+++ Exercise data

Lemma cycDp_mul_step q m c : 0 < m -> c < 2 * m + 2 -> inD_below m q ->
  cycDp (sp_mul q (step m c)) + (c != 0%N) = cycDp q.
Proof.
move=> m0 lt_c qm; have [q1 q2] := inD_below_fix qm (leqnn m).
have m0' : val m != 0%N by rewrite -lt0n.
rewrite !cycDp_ecycles -addnA; congr (_ + _).
case: stepP => // [->|->|a b lt_am ->]; first by rewrite sp_mul1 addn0.
  by apply: ecycles_mul_tbb_fix; rewrite ?q2.
by apply: ecycles_mul_tgen_fix; rewrite ?q2 // -val_eqE neq_ltn lt_am.
Qed.

End Factorization.

Section Counting.
Variable n : nat.
Local Notation N := n.+1.
Implicit Types (p q : SP N).

Lemma cycDp_gt0 p : 0 < cycDp p.
Proof. by rewrite /cycDp card_gt0; apply/set0Pn; exists ord0; rewrite !inE eqxx orbT. Qed.

Lemma cycDp_le p : cycDp p <= N.
Proof. by rewrite /cycDp -[X in _ <= X](card_ord N) max_card. Qed.

Lemma inD_belowN p : inD_below N p = inD p.
Proof.
by rewrite /inD_below; case: (inD p) => //=; apply/forallP => j; rewrite leqNgt ltn_ord.
Qed.

Lemma inD_below1 p : inD_below 1 p = (p == sp_one N).
Proof.
apply/idP/eqP => [pD|->]; last first.
  by rewrite /inD_below inD_one; apply/forallP => j; rewrite /= perm1 ffunE eqxx implybT.
have ord0P (j : 'I_N) : j = ord0 \/ 0 < j.
  by case: (posnP j) => [j0|]; [left; apply: val_inj|right].
have fix_pos (j : 'I_N) : 0 < j -> p.1 j = j /\ p.2 j = false.
  exact: inD_below_fix pD.
have p0 : p.1 ord0 = ord0.
  have [//|/fix_pos [+ _]] := ord0P (p.1 ord0).
  by move/(can_inj (permK p.1)) => ->.
have e0 : p.2 ord0 = false.
  apply/negP => e0; case/andP: pD; rewrite /inD /nbar (_ : [set k | p.2 k] = [set ord0]) ?cards1 //.
  apply/setP => k; rewrite !inE; have [->|k0] := ord0P k; first by rewrite e0 eqxx.
  by have [_ ->] := fix_pos k k0; apply/esym/eqP => k0'; rewrite k0' in k0.
case: p p0 e0 fix_pos {pD} => s e /= p0 e0 fix_pos; congr pair.
  by apply/permP => j; rewrite perm1; have [->|/fix_pos []] := ord0P j.
by apply/ffunP => j; rewrite ffunE; have [->|/fix_pos []] := ord0P j.
Qed.

Lemma inD_below_decomp p (m : 'I_N) : 0 < m -> inD_below m.+1 p ->
  exists q c, [/\ c < 2 * m + 2, inD_below m q, p = sp_mul q (step m c)
                & cycDp p + (c != 0%N) = cycDp q].
Proof.
move=> m0 pm; set c := step_index m p; exists (sp_mul p (step m c)), c.
have lt_c : c < 2 * m + 2 by apply: step_index_lt.
have qm : inD_below m (sp_mul p (step m c)) by apply: inD_below_mul_step_index.
split => //; first by rewrite mul_stepK.
by rewrite -{1}(mul_stepK p m c) cycDp_mul_step.
Qed.

Lemma cycDp_inD_below m p : 0 < m -> m <= N -> inD_below m p -> N < cycDp p + m.
Proof.
elim: m p => [//|m IH] p _ lt_mN; case: (posnP m) => [->|m0].
  by rewrite inD_below1 => /eqP ->; rewrite cycDp_one addn1.
case/(@inD_below_decomp _ (Ordinal lt_mN) m0) => q [c [_ qm _ cq]].
have := IH q m0 (ltnW lt_mN) qm.
by have := leq_b1 (c != 0%N); lia.
Qed.

Lemma inD_below_word m p : 0 < m -> m <= N -> inD_below m p ->
  exists w : seq (SP N), [/\ all (@isgen N) w, prodw w = p & size w = N - cycDp p].
Proof.
elim: m p => [//|m IH] p _ lt_mN; case: (posnP m) => [->|m0].
  by rewrite inD_below1 => /eqP ->; exists [::]; rewrite cycDp_one subnn.
case/(@inD_below_decomp _ (Ordinal lt_mN) m0) => q [c [lt_c qm -> cq]].
have [w [gen_w wq size_w]] := IH q m0 (ltnW lt_mN) qm.
have := cycDp_le q; case: (eqVneq c 0%N) cq => [-> _ | c0 /= cq] le_qN.
  by exists w; rewrite /step /= sp_mul1.
exists (rcons w (step (Ordinal lt_mN) c)); split.
- by rewrite all_rcons gen_w (isgen_step (m := Ordinal lt_mN) m0 lt_c c0).
- by rewrite prodw_rcons wq.
- by rewrite size_rcons size_w; lia.
Qed.

End Counting.

Section GeneratingFunction.
Variable n : nat.
Local Notation N := n.+1.
Local Open Scope ring_scope.

Lemma sum_inD_belowS (V : nmodType) (F : SP N -> V) (m : 'I_N) : (0 < m)%N ->
  \sum_(p | inD_below m.+1 p) F p =
  \sum_(q | inD_below m q) \sum_(c < (2 * m).+2) F (sp_mul q (step m c)).
Proof.
move=> m0; have le_m : ((2 * m).+2 <= (2 * n).+2)%N by rewrite !ltnS leq_mul2l /= -ltnS.
rewrite [RHS](eq_bigr (fun q => \sum_(c < (2 * n).+2 | (c < (2 * m).+2)%N)
                                  F (sp_mul q (step m c)))); last first.
  by move=> q _; apply: (big_ord_widen _ (fun c : nat => F (sp_mul q (step m c))) le_m).
rewrite pair_big_dep /= (reindex_onto (fun qc : SP N * 'I_(2 * n).+2 => sp_mul qc.1 (step m qc.2))
   (fun p => (sp_mul p (step m (step_index m p)), inord (step_index m p)))) /=; last first.
  move=> p pm; have lt_c := step_index_lt pm.
  by rewrite inordK ?mul_stepK // (leq_trans _ le_m) // -addn2.
apply: eq_bigl => -[q c] /=; apply/idP/idP.
  case/andP => pm /eqP [e1 e2]; have lt_c := step_index_lt pm.
  by rewrite -e1 inD_below_mul_step_index //= -e2 inordK; lia.
case/andP => qm lt_c; have lt_c' : (c < 2 * m + 2)%N by rewrite addn2.
rewrite inD_below_mul_step ?step_index_mul ?mul_stepK ?inord_val ?eqxx //.
by move: qm; rewrite inD_belowS => /andP [].
Qed.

++++++

Exactly the lines above from the one with "case/(@inD_below_decomp _ (Ordinal lt_mN) m0) => q [c [_" to the one with "Lemma inD_below_word m", both included, are to be quoted; leave the rest out.

> _Solved exercise_:
case/(@inD_below_decomp _ (Ordinal lt_mN) m0) => q [c [_ qm _ cq]].
have := IH q m0 (ltnW lt_mN) qm.
by have := leq_b1 (c != 0%N); lia.
Qed.

Lemma inD_below_word m p : 0 < m -> m <= N -> inD_below m p ->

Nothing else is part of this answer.